===== INFORMATION SUPPLIED =====

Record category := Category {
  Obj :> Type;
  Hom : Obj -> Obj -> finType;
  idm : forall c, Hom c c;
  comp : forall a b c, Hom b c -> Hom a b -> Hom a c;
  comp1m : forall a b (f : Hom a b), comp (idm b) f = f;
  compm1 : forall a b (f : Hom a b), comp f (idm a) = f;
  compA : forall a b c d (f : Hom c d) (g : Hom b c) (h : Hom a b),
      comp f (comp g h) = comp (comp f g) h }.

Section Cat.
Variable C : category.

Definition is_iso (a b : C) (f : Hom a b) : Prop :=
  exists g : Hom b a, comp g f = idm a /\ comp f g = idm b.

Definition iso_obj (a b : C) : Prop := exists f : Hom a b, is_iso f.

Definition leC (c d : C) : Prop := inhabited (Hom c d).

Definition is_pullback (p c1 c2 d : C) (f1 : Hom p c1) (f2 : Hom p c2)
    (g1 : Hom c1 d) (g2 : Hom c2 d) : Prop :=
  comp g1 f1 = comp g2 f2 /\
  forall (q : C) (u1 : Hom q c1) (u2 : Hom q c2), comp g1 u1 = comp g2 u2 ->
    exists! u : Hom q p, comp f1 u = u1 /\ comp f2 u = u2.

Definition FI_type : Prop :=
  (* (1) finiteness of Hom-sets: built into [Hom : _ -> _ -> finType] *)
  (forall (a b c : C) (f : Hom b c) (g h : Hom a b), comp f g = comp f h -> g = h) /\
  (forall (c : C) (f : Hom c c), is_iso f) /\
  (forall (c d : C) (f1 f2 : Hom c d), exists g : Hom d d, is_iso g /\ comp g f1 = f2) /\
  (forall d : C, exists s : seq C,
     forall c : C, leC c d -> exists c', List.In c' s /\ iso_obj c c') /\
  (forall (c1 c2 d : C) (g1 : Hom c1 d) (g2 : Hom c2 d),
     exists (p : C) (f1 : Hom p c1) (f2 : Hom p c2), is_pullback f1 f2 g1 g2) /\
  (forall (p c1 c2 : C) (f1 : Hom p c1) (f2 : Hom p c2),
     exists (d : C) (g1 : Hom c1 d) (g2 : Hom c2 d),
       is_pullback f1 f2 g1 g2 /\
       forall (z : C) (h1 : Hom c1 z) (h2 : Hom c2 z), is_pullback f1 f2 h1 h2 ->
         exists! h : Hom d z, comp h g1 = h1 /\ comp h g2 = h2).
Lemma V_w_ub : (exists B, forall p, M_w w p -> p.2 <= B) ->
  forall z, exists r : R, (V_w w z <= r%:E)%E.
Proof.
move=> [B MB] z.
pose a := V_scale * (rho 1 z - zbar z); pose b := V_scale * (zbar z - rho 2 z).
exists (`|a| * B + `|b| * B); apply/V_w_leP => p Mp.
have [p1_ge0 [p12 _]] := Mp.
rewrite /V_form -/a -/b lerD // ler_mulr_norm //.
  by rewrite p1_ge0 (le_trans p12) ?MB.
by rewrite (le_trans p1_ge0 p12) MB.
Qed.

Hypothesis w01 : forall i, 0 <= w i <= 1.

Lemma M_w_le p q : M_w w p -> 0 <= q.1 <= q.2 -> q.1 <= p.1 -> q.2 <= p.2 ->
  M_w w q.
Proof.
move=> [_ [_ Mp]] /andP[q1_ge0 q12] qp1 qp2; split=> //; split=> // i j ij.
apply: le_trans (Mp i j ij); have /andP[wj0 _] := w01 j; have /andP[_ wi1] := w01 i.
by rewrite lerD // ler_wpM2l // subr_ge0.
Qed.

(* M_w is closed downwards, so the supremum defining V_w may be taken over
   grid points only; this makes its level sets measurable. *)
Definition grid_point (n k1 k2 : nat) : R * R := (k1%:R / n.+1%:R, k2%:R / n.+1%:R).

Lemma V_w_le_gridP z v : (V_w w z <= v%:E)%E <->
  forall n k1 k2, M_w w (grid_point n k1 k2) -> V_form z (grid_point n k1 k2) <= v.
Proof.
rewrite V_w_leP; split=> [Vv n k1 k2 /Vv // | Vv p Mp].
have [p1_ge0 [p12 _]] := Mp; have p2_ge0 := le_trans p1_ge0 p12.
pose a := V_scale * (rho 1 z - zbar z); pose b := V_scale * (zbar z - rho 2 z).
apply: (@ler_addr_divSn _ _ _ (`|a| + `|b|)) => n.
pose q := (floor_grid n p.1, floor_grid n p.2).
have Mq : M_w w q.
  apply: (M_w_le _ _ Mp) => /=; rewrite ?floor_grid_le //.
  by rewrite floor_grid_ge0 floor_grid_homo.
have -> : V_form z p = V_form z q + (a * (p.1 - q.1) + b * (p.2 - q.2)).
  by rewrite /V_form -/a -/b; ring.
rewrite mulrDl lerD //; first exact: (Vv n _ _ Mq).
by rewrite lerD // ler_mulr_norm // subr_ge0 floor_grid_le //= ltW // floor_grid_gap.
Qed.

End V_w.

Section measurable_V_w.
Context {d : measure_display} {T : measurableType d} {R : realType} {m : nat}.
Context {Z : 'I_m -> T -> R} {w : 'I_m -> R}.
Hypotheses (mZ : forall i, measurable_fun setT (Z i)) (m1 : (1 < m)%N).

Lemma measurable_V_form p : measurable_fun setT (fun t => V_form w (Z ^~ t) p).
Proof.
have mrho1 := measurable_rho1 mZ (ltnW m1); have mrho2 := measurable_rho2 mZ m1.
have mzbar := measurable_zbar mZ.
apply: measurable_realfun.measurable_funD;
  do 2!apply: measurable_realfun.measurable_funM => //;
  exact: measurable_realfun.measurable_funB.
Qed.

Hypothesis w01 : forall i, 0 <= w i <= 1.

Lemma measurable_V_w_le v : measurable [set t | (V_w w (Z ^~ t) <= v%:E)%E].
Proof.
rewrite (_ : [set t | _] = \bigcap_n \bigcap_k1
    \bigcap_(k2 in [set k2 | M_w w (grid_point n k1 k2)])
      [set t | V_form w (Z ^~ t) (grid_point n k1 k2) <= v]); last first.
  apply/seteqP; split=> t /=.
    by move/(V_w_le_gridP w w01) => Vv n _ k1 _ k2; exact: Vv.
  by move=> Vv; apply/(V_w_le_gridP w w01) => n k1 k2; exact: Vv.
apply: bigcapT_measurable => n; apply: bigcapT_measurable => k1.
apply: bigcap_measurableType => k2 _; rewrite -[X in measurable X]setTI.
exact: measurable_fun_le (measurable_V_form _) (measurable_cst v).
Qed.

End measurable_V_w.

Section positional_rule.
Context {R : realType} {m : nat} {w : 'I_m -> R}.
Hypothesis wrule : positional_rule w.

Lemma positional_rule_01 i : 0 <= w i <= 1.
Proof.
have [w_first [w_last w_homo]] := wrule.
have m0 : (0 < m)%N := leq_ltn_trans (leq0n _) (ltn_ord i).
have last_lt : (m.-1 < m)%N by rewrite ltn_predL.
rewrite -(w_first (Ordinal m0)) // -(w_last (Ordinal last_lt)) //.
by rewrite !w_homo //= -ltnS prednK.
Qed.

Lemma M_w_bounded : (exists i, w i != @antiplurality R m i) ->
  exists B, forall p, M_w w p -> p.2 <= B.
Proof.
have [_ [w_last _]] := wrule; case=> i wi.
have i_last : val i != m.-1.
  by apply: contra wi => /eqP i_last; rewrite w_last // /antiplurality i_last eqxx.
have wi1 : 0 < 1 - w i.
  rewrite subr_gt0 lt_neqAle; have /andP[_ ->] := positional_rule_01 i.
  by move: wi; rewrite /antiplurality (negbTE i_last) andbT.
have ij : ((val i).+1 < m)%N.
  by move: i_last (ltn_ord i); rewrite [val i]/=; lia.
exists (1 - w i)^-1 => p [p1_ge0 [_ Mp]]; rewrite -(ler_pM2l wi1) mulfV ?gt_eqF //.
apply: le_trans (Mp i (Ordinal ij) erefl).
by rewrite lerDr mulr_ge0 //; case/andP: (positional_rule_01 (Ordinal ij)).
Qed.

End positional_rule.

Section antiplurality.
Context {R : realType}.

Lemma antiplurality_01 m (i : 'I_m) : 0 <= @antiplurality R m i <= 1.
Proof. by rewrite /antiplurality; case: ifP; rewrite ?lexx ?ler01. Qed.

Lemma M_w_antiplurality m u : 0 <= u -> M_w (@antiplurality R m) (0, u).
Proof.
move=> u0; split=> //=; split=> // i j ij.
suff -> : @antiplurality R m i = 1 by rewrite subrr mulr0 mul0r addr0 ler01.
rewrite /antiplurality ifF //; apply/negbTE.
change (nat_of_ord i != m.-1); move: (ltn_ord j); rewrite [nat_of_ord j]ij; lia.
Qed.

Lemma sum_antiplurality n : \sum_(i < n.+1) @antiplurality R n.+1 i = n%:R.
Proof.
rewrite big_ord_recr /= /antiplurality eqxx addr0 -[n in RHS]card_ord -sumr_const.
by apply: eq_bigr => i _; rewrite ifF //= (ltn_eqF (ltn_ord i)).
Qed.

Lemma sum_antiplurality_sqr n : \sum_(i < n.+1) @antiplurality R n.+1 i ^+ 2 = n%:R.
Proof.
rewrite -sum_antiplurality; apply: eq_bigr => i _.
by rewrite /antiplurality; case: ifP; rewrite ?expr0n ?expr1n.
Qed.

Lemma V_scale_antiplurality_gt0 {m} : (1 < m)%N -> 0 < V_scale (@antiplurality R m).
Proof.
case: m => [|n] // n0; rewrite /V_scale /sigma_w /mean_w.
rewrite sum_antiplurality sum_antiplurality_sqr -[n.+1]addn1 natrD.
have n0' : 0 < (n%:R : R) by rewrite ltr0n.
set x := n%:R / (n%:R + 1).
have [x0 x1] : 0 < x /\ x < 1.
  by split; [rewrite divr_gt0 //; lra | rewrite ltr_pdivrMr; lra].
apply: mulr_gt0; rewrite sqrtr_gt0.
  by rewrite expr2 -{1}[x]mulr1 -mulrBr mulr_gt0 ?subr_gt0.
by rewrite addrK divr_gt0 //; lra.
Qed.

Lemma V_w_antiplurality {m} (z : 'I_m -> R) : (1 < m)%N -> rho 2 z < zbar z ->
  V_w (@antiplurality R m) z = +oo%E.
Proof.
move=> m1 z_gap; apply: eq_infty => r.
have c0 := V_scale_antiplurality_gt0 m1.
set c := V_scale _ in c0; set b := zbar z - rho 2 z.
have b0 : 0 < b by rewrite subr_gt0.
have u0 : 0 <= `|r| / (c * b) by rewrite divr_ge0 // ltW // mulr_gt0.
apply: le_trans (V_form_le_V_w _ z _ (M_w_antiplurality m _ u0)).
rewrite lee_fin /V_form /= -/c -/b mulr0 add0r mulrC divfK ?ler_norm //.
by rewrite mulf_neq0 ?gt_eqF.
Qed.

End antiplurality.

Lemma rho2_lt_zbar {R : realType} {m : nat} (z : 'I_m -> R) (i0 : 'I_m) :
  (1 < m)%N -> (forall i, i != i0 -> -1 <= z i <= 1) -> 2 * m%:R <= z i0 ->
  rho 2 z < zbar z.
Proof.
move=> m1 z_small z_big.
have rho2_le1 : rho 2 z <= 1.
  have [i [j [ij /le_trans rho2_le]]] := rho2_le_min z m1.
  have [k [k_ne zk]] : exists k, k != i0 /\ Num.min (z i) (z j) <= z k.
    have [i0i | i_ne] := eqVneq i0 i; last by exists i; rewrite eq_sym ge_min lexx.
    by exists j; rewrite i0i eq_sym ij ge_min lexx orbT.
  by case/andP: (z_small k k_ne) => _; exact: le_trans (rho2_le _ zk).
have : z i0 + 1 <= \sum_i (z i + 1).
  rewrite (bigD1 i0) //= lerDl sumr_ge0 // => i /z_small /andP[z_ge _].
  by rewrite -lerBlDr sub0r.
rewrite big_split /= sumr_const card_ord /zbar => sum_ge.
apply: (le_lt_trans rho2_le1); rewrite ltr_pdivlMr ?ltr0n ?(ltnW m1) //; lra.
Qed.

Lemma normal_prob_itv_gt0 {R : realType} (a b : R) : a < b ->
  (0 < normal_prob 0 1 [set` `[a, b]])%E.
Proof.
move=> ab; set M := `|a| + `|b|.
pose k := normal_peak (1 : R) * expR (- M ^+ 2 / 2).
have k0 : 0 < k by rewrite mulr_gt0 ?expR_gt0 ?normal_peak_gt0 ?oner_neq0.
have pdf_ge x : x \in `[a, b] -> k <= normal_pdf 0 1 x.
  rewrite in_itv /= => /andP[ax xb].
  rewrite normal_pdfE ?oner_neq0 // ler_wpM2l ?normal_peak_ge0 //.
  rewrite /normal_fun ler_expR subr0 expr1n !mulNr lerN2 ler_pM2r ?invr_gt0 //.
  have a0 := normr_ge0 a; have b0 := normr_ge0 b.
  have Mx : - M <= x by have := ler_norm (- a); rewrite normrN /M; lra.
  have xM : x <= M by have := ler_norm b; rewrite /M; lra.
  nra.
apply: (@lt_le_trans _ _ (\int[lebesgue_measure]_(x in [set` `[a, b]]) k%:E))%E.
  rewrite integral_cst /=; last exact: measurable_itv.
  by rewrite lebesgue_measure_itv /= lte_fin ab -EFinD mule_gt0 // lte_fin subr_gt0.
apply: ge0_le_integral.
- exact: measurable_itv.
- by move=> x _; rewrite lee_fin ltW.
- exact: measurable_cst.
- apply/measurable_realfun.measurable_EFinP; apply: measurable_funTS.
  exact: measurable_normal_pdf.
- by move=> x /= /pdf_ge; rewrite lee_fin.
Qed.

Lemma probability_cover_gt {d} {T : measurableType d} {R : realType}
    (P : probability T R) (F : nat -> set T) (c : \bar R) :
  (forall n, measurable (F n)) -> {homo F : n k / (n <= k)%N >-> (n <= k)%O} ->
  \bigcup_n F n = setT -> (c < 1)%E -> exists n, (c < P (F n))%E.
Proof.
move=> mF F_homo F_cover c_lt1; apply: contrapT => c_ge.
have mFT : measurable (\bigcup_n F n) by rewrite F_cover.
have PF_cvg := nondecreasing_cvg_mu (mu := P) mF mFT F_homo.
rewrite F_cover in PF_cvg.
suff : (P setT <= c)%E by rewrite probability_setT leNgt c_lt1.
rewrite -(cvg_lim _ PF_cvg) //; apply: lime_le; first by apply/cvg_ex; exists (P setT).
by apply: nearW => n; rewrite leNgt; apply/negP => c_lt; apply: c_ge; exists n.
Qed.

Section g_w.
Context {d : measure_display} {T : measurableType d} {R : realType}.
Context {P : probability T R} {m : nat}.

=====

TASK STATEMENT: Only the lines above starting with the one with "[set t | V_form" and going through the one with "by move=> Vv;" are to be copied, word for word and with both ends kept.

OUTPUT:
      [set t | V_form w (Z ^~ t) (grid_point n k1 k2) <= v]); last first.
  apply/seteqP; split=> t /=.
    by move/(V_w_le_gridP w w01) => Vv n _ k1 _ k2; exact: Vv.
  by move=> Vv; apply/(V_w_le_gridP w w01) => n k1 k2; exact: Vv.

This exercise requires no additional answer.